Note: We make Atlas. This is a comparison written by the team that built it, not a neutral third-party review. Where Elicit has the better answer for a given research job, the article says so plainly. See the table rows where Elicit wins and the "When to choose Elicit" section below. The goal is to give you the data you need to choose the right tool for the kind of work in front of you, not to convince you Atlas is the answer to every research job.

Atlas is a visual research workspace for people whose work depends on understanding a body of papers: a thesis, a treatment decision, a major-purchase teardown, a literature review. Elicit is an AI-assisted research assistant focused on systematic literature search: enter a research question, Elicit retrieves relevant papers from Semantic Scholar, extracts structured data into a table, and synthesises summaries with citations. Both tools touch a researcher's daily work. The wedge is what happens after the first answer. Atlas deconstructs each paper into a Knowledge Map (a visual map of the argument), projects a whole corpus into a Semantic Map, runs every answer through claim-source-justification (the citation-grounded surface that explains why a passage supports a claim), and compounds prior work into a persistent knowledge graph so projects get smarter the longer you use Atlas. Elicit's brand and integration with Semantic Scholar are genuinely strong for systematic-review-style discovery, when you don't yet know which papers exist on a topic, Elicit's search-and-extract pipeline is one of the better starting points. If you need to trust the answers (for a thesis, a treatment plan, a brief, a hire), the visual maps, claim-source-justification, and compounding graph are where Atlas earns the comparison.

How is Atlas different?

Elicit and Atlas overlap at the surface: both touch the work of reading and reasoning over sources. But they diverge on three capabilities that decide whether the output is shareable, defensible work. This section walks through the three differences, in order.

1. Visual maps of every paper and project

Atlas builds two kinds of visual map automatically as you read. A Knowledge Map deconstructs each paper into its argument structure: claims, evidence, definitions, and labeled relations between them (motivates, causes, enables, contradicts), laid out as a multi-level zoom. You see the paper's spine at the top level and drop into the supporting passages with a click. A Semantic Map projects your whole project (sources, notes, chats, citations) into a spatial canvas where related items cluster by topic, and you can re-project the same canvas under a new topic angle without re-reading anything. The Semantic Map is how 200 papers stop being a folder and start being a corpus.

"It's like an ultimate GPT. I can finally see what I've read." Kyle Lao, NUS researcher

Elicit does not have a per-paper claim-evidence deconstruction or a topic-angle re-projection across an entire project. If you've ever spent an afternoon trying to recover the structure of a paper you read three weeks ago, the Knowledge Map is the surface that pays for itself first. Visual maps make a body of papers legible at a glance, and the multi-level zoom of the Knowledge Map is the surface Atlas is built around.

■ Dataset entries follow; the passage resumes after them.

(* Position and block of [enc_push x] recover [code x] and [img x], hence [f x]. *)
Lemma enc_push_f x y : enc_push x = enc_push y -> f x = f y.
Proof.
move=> e; have txy : target x = target y by rewrite -blk_enc_push e blk_enc_push.
have [pxy xy] := target_inj txy.
have img_xy : img x = img y.
  by rewrite /img pxy; case: ifP => // py; rewrite xy ?pxy ?py.
have ltx := code_lt x; have lty : code y < #|target x| by rewrite txy code_lt.
move: e; rewrite !enc_pushE -txy (set_nth_default x y) -?cardE //.
move/eqP; rewrite nth_uniq ?enum_uniq -?cardE // /code img_xy => /eqP code_xy.
have fx_img : f x \in img y by rewrite -img_xy mem_img.
by rewrite -(nth_index x fx_img) code_xy nth_index ?mem_img.
Qed.

Definition dec : {ffun X -> X} := [ffun z =>
  if [pick x | enc_push x == z] is Some x then f x else
  if [pick x | blk (enc_push x) == blk z] is Some x then f x else rep M].

Lemma decP z : (exists x, blk (enc_push x) = blk z /\ dec z = f x) \/
   ((forall x, blk (enc_push x) != blk z) /\ dec z = rep M).
Proof.
rewrite /dec ffunE; case: pickP => [x /eqP e|_]; first by left; exists x; rewrite e.
case: pickP => [x /eqP e|none]; first by left; exists x.
by right; split=> // x; rewrite none.
Qed.

Lemma dec_TXP : dec \in TXP P.
Proof.
apply/TXP_blkP => z z' zz'.
case: (decP z) => [[x [xz ->]]|[nx ->]]; case: (decP z') => [[y [yz ->]]|[ny ->]] //.
- by apply: enc_push_blk; rewrite xz yz.
- by have := ny x; rewrite xz zz' eqxx.
- by have := nx y; rewrite yz zz' eqxx.
Qed.

Lemma dec_enc_push x : dec (enc_push x) = f x.
Proof.
rewrite /dec ffunE; case: pickP => [y /eqP/enc_push_f//|none].
by have := none x; rewrite eqxx.
Qed.

Lemma hit_dec : #|hit f| < #|hit dec|.
Proof.
apply/proper_card/properP; split.
  apply/subsetP => _ /imsetP[x _ ->]; apply/imsetP.
  by exists (enc_push x); rewrite ?dec_enc_push.
exists M; last by apply/imsetP => -[x _ e]; have := f_misses x; rewrite e eqxx.
apply/imsetP; exists (rep B0) => //.
have B0P : B0 \in P by rewrite -pi_Bs piP.
case: (decP (rep B0)) => [[x [xB0 _]]|[_ ->]]; last by rewrite blk_rep.
by have := target_neq_B0 x; rewrite -blk_enc_push xB0 blk_rep ?eqxx.
Qed.

Lemma factor_through_push : exists sg g, [/\ sg \in SigmaXP P, g \in TXP P,
  #|hit f| < #|hit g| & f = fcomp (fcomp sg (push B0 B0')) g].
Proof.
exists enc, dec; split; [exact: enc_Sigma | exact: dec_TXP | exact: hit_dec |].
by apply/ffunP => x; rewrite fcompE dec_enc_push.
Qed.

End Factorization.

Section Threshold.
Variables (f : {ffun X -> X}) (B1 B2 Bm : {set X}).
Hypotheses (fT : f \in TXP P) (B1P : B1 \in P) (B2P : B2 \in P) (B1_B2 : B1 != B2)
  (f_merges : bmap f B1 = bmap f B2) (img_le : #|f @: B2| <= #|f @: B1|)
  (Bm_max : forall C C', C \in P -> C' \in P -> C != C' -> bmap f C = bmap f C' ->
     #|C| <= #|Bm|)
  (Bm12 : Bm = B1 \/ Bm = B2).

(* The room needed in the image block of each block when [B1] must receive
   the images of both [B1] and [B2]. *)
Definition demand C := if C == B1 then #|f @: (B1 :|: B2)| else #|f @: C|.

Local Notation demanding t := [set C in P | t <= demand C].
Local Notation large t := [set C in P | t <= #|C|].

Lemma demand_le C : C != B1 -> demand C <= #|C|.
Proof. by rewrite /demand => /negbTE->; apply: leq_imset_card. Qed.

Lemma demand_B1 : #|bmap f B1| >= demand B1.
Proof.
rewrite /demand eqxx; apply: subset_leq_card; apply/subsetP => _ /imsetP[y + ->].
by rewrite inE => /orP[] yB; [|rewrite f_merges]; rewrite (bmapE fT _ yB) ?mem_blk.
Qed.

Lemma large_undemanded t : #|B1| < t <= demand B1 ->
  exists2 C0, C0 \in large t & C0 \notin demanding t.
Proof.
case/andP => ltB1 tB1; have [tB2|ltB2] := leqP t #|B2|.
  exists B2; first by rewrite inE B2P.
  rewrite inE B2P /= /demand eq_sym (negbTE B1_B2) -ltnNge.
  exact: leq_ltn_trans img_le (leq_ltn_trans (leq_imset_card _ _) ltB1).
have ltBm : #|Bm| < t by case: Bm12 => ->.
have [/exists_inP[C Ct CD]|all_demanding] :=
  boolP [exists C in large t, C \notin demanding t]; first by exists C.
(* Otherwise [bmap f] would permute the large blocks, which are too big to be
   merged, while the large block [bmap f B1] is also the image of [B1]. *)
have largeP C : C \in large t -> C \in P /\ t <= #|C| by rewrite inE => /andP.
have no_merge C C' : C \in large t -> C' \in large t -> C != C' -> bmap f C != bmap f C'.
  move=> /largeP[CP tC] /largeP[C'P _] CC'; apply/eqP => /(Bm_max CP C'P CC').
  by apply/negP; rewrite -ltnNge (leq_trans ltBm tC).
have large_img C : C \in large t -> t <= #|f @: C|.
  move=> Ct; have /largeP[CP tC] := Ct.
  have: C \in demanding t by apply: contraR all_demanding => CD; apply/exists_inP; exists C.
  rewrite inE CP /demand; case: eqP => [CB1|//].
  by move: tC; rewrite CB1 leqNgt ltB1.
have bmap_large C : C \in large t -> bmap f C \in large t.
  move=> Ct; have /largeP[CP _] := Ct.
  by rewrite inE bmap_mem (leq_trans (large_img C Ct)) ?card_imset_bmap.
have B1_img : bmap f B1 \in large t.
  by rewrite inE bmap_mem (leq_trans tB1 demand_B1).
have [bmap_inj|[C [C' [Ct C't CC' eCC']]]] := inj_or_collision (bmap f) (large t); last first.
  by have := no_merge C C' Ct C't CC'; rewrite eCC' eqxx.
have [C Ct /esym eC] := inj_selfmap_onto bmap_large bmap_inj B1_img.
have /largeP[CP tC] := Ct.
have CB1 : C != B1 by apply: contraTneq tC => ->; rewrite -ltnNge.
by have := Bm_max CP B1P CB1 eC; rewrite leqNgt (leq_trans ltBm tC).
Qed.

Lemma demand_threshold t : #|demanding t| <= #|large t|.
Proof.
have sub C : C \in P -> C != B1 -> t <= demand C -> t <= #|C|.
  by move=> _ CB1 /leq_trans; apply; apply: demand_le.
have [small_t|] := boolP ((t <= #|B1|) || ~~ (t <= demand B1)).
  apply: subset_leq_card; apply/subsetP => C; rewrite !inE => /andP[CP tC]; rewrite CP /=.
  have [CB1|CB1] := eqVneq C B1; last exact: sub CP CB1 tC.
  by move: small_t; rewrite -CB1 tC orbF.
rewrite negb_or negbK -ltnNge => t_mid.
have [C0 C0t C0D] := large_undemanded t_mid.
have sD : demanding t \subset B1 |: (large t :\ C0).
  apply/subsetP => C; rewrite inE => /andP[CP tC].
  have [->|CB1] := eqVneq C B1; first by rewrite setU11.
  rewrite setU1r // !inE CP (sub C CP CB1 tC) !andbT.
  by apply: contraNneq C0D => <-; rewrite inE CP.
apply: leq_trans (subset_leq_card sD) _.
by rewrite cardsU1 (cardsD1 C0 (large t)) C0t add1n; case: (_ \notin _).
Qed.

End Threshold.

Lemma tperm_mem B B' C : B \in P -> B' \in P -> C \in P -> tperm B B' C \in P.
Proof. by move=> BP B'P CP; case: tpermP. Qed.

Lemma card_tperm B B' C : #|B| = #|B'| -> #|tperm B B' C| = #|C|.
Proof. by move=> eBB'; case: tpermP => [->|->|//]; rewrite eBB'. Qed.

Lemma swap_blocks E E' B0 B0' :
  E \in P -> E' \in P -> B0 \in P -> B0' \in P -> E != E' -> B0 != B0' ->
  #|E| = #|B0| -> #|E'| = #|B0'| ->
  exists rho : {set X} -> {set X}, [/\ {in P, forall C, rho C \in P}, injective rho,
     rho E = B0, rho E' = B0' & forall C, #|rho C| = #|C|].
Proof.
move=> EP E'P B0P B0'P EE' B0B0' cE cE'.
pose E2 := tperm E B0 E'.
have cE2 : #|E2| = #|B0'| by rewrite card_tperm.
exists (fun C => tperm E2 B0' (tperm E B0 C)); split.
- by move=> C CP; rewrite !tperm_mem.
- by move=> C C' /perm_inj/perm_inj.
- rewrite tpermL tpermD 1?eq_sym //.
  by rewrite /E2 -[X in X != _](tpermL E B0) (inj_eq perm_inj).
- by rewrite tpermL.
- by move=> C; rewrite !card_tperm.
Qed.

Lemma max_merged_pair f M : f \in TXP P -> M \in P -> (forall x, blk (f x) != M) ->
  exists B B', [/\ B \in P, B' \in P, B != B', bmap f B = bmap f B' &
    forall C C', C \in P -> C' \in P -> C != C' -> bmap f C = bmap f C' -> #|C| <= #|B|].
Proof.
move=> fT MP f_misses.
have [bmap_inj|[C [C' [CP C'P CC' eCC']]]] := inj_or_collision (bmap f) P.
  have [C CP eC] := inj_selfmap_onto (fun C _ => bmap_mem f C) bmap_inj MP.
  by have := f_misses (rep C); rewrite eC eqxx.
pose merged (p : {set X} * {set X}) :=
  [&& p.1 \in P, p.2 \in P, p.1 != p.2 & bmap f p.1 == bmap f p.2].
have mC : merged (C, C') by rewrite /merged /= CP C'P CC' eCC' eqxx.
case: (arg_maxnP (fun p : {set X} * {set X} => #|p.1|) mC).
move=> [B B'] /and4P[BP B'P BB' /eqP eBB'] B_max.
exists B, B'; split=> // D D' DP D'P DD' eDD'.
by apply: (B_max (D, D')); rewrite /merged /= DP D'P DD' eDD' eqxx.
Qed.

Section UpperBound.
Variable W : {set {ffun X -> X}}.
Hypothesis W_push : forall E E', E \in P -> E' \in P -> E != E' -> #|E| <= #|E'| ->
  exists B0 B0', [/\ B0 \in P, B0' \in P, B0 != B0',
    #|B0| = #|E| /\ #|B0'| = #|E'| & push B0 B0' \in W].

Definition reducible f := exists sg w g, [/\ sg \in SigmaXP P, w \in W, g \in TXP P,
  #|hit f| < #|hit g| & f = fcomp (fcomp sg w) g].

Lemma reducible_of_room f (pi : {set X} -> {set X}) (Bs Bt : {set X}) M :
  f \in TXP P -> {in P, forall C, pi C \in P} -> {in P &, injective pi} ->
  Bs \in P -> Bt \in P -> Bs != Bt -> bmap f Bs = bmap f Bt ->
  (forall C, C \in P -> C != Bs -> C != Bt -> #|f @: C| <= #|pi C|) ->
  #|f @: Bs| <= #|pi Bs| -> #|f @: (Bs :|: Bt)| <= #|pi Bt| -> #|pi Bs| <= #|pi Bt| ->
  M \in P -> (forall x, blk (f x) != M) -> reducible f.
Proof.
move=> fT piP pi_inj BsP BtP Bs_Bt f_merges room room_Bs room_pair le_pi MP f_misses.
have pi_neq : pi Bs != pi Bt by rewrite (inj_in_eq pi_inj).
have [B0 [B0' [B0P B0'P B0B0' [cB0 cB0'] pushW]]] :=
  W_push (piP _ BsP) (piP _ BtP) pi_neq le_pi.
have [rho [rhoP rho_inj rho_Bs rho_Bt rho_card]] :=
  swap_blocks (piP _ BsP) (piP _ BtP) B0P B0'P pi_neq B0B0' (esym cB0) (esym cB0').
have rho_piP : {in P, forall C, rho (pi C) \in P} by move=> C /piP/rhoP.
have rho_pi_inj : {in P &, injective (rho \o pi)} by move=> C C' CP C'P /rho_inj/pi_inj->.
have [|||sg [g [sgS gT hit_g ef]]] := factor_through_push fT rho_piP rho_pi_inj
  BsP BtP Bs_Bt f_merges rho_Bs rho_Bt _ _ _ MP f_misses.
- by move=> C CP CBs CBt; rewrite rho_card room.
- by rewrite cB0.
- by rewrite cB0'.
by exists sg, (push B0 B0'), g.
Qed.

Lemma reducible_of_merge f (B1 B2 Bm : {set X}) M :
  f \in TXP P -> B1 \in P -> B2 \in P -> B1 != B2 ->
  bmap f B1 = bmap f B2 -> #|f @: B2| <= #|f @: B1| ->
  (forall C C', C \in P -> C' \in P -> C != C' -> bmap f C = bmap f C' -> #|C| <= #|Bm|) ->
  Bm = B1 \/ Bm = B2 -> M \in P -> (forall x, blk (f x) != M) -> reducible f.
Proof.
move=> fT B1P B2P B1_B2 f_merges img_le Bm_max Bm12 MP f_misses.
have [pi [pi_inj pi_dom]] := threshold_injection
  (demand_threshold fT B1P B2P B1_B2 f_merges img_le Bm_max Bm12).
have piP : {in P, forall C, pi C \in P} by move=> C /pi_dom[].
have room C : C \in P -> C != B1 -> #|f @: C| <= #|pi C|.
  by move=> CP CB1; have [_] := pi_dom C CP; rewrite /demand (negbTE CB1).
have room_pair : #|f @: (B1 :|: B2)| <= #|pi B1|.
  by have [_] := pi_dom B1 B1P; rewrite /demand eqxx.
have [le21|lt12] := leqP #|pi B2| #|pi B1|.
  apply: (@reducible_of_room f pi B2 B1 M) => //.
  - by rewrite eq_sym.
  - by move=> C CP _; apply: room.
  - by rewrite room // eq_sym.
  - by rewrite setUC.
apply: (@reducible_of_room f pi B1 B2 M) => //.
- by move=> C CP CB1 _; apply: room.
- by apply: leq_trans room_pair; apply/subset_leq_card/imsetS/subsetUl.
- exact: leq_trans room_pair (ltnW lt12).
- exact: ltnW.
Qed.

Lemma reducible_of_miss f M :
  f \in TXP P -> M \in P -> (forall x, blk (f x) != M) -> reducible f.
Proof.
move=> fT MP f_misses.
have [B [B' [BP B'P BB' eBB' B_max]]] := max_merged_pair fT MP f_misses.
have [le|lt] := leqP #|f @: B'| #|f @: B|.
  by apply: (@reducible_of_merge f B B' B M) => //; left.
apply: (@reducible_of_merge f B' B B M) => //; first by rewrite eq_sym.
- exact: ltnW.
- by right.
Qed.

Lemma TXP_in_sgp_gen f : f \in TXP P -> in_sgp_gen (SigmaXP P :|: W) f.
Proof.
move=> fT; have [n] := ubnP (#|P| - #|hit f|); elim: n f fT => // n IH f fT missing.
have [f_onto|] := eqVneq (hit f) P.
  apply/in_sgp_gen1/setUP; left; apply/SigmaXP_P; split=> // B.
  by rewrite -f_onto => /imsetP[x _ ->]; exists x; apply: mem_blk.
rewrite eqEsubset hit_sub /= => /subsetPn[M MP Mf].
have f_misses x : blk (f x) != M by apply: contraNneq Mf => <-; apply: imset_f.
have [sg [w [g [sgS wW gT hit_g ->]]]] := reducible_of_miss fT MP f_misses.
apply: in_sgp_gen_comp; first by apply: in_sgp_gen_comp; apply/in_sgp_gen1/setUP; [left|right].
have hit_f_lt : #|hit f| < #|P| := leq_trans hit_g (subset_leq_card (hit_sub g)).
by apply: IH gT _; rewrite ltnS in missing; apply: leq_trans missing; apply: ltn_sub2l.
Qed.

End UpperBound.

(** * Single merges *)

(* Sizes are coded in ['I_#|X|.+1] so that pairs of sizes form a finite type. *)
Definition size_ord C : 'I_#|X|.+1 := inord #|C|.

Lemma size_ordK C : size_ord C = #|C| :> nat.
Proof. by rewrite inordK // ltnS max_card. Qed.

Lemma size_ord_eq B C : (size_ord B == size_ord C) = (#|B| == #|C|).
Proof. by rewrite -val_eqE /= !size_ordK. Qed.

2. Every claim traces to a source, and Atlas explains why the source supports it

The hallucination problem in AI research tools isn't "the model made something up." It's "the model put a citation next to a claim that the cited passage doesn't justify." Atlas renders every answer as a claim-source-justification triple: the claim, the passage, and a one-sentence explanation of why the passage supports the claim. You can click into the source paragraph and read the highlighted sentences in context.

The benchmark Atlas runs internally is the H/V ratio: the proportion of generated sentences whose citation does not survive a passage-level re-check, divided by the proportion that does. Atlas targets H/V < 0.1 on the citation-grounding benchmark, and we publish how the benchmark is constructed in Verifiable AI Research (2026): What It Actually Means. Elicit's answers may include citations or links to sources, but they're grounded at the sentence-citation level (or not at all), not at the claim-justification level. For most casual question-answering the gap doesn't matter. For a thesis sentence, a legal brief paragraph, or a treatment-decision summary, it does. The wedge in one sentence: every claim traces to its source, and Atlas explains why the source justifies it.

3. Your projects compound: the second month is 10× the first

Elicit treats each session (or project, or workspace) as a separable container: work goes in, an answer comes out, and the next session starts fresh. Atlas builds a persistent per-user knowledge graph across projects: every citation you jump to, every annotation you make, every Knowledge Map and Semantic Map you generate accumulates into a four-layer graph (citations + mentions + KMs + SMs) that the next chat can draw from. Open a new project on a related topic and Atlas can pull in the relevant sources, prior annotations, and chat history without re-ingesting.

This is the capability we hear about most from long-term users: the second month is 10× the first because the graph has something to work with. John Tan, a postdoc using Atlas for a multi-year literature review, describes it as "the only tool where the work I did last semester is still doing work for me this semester." Put plainly: projects get smarter the longer you use Atlas. Elicit does not have an equivalent persistent compounding graph across projects, which is the wedge for sustained, multi-month research.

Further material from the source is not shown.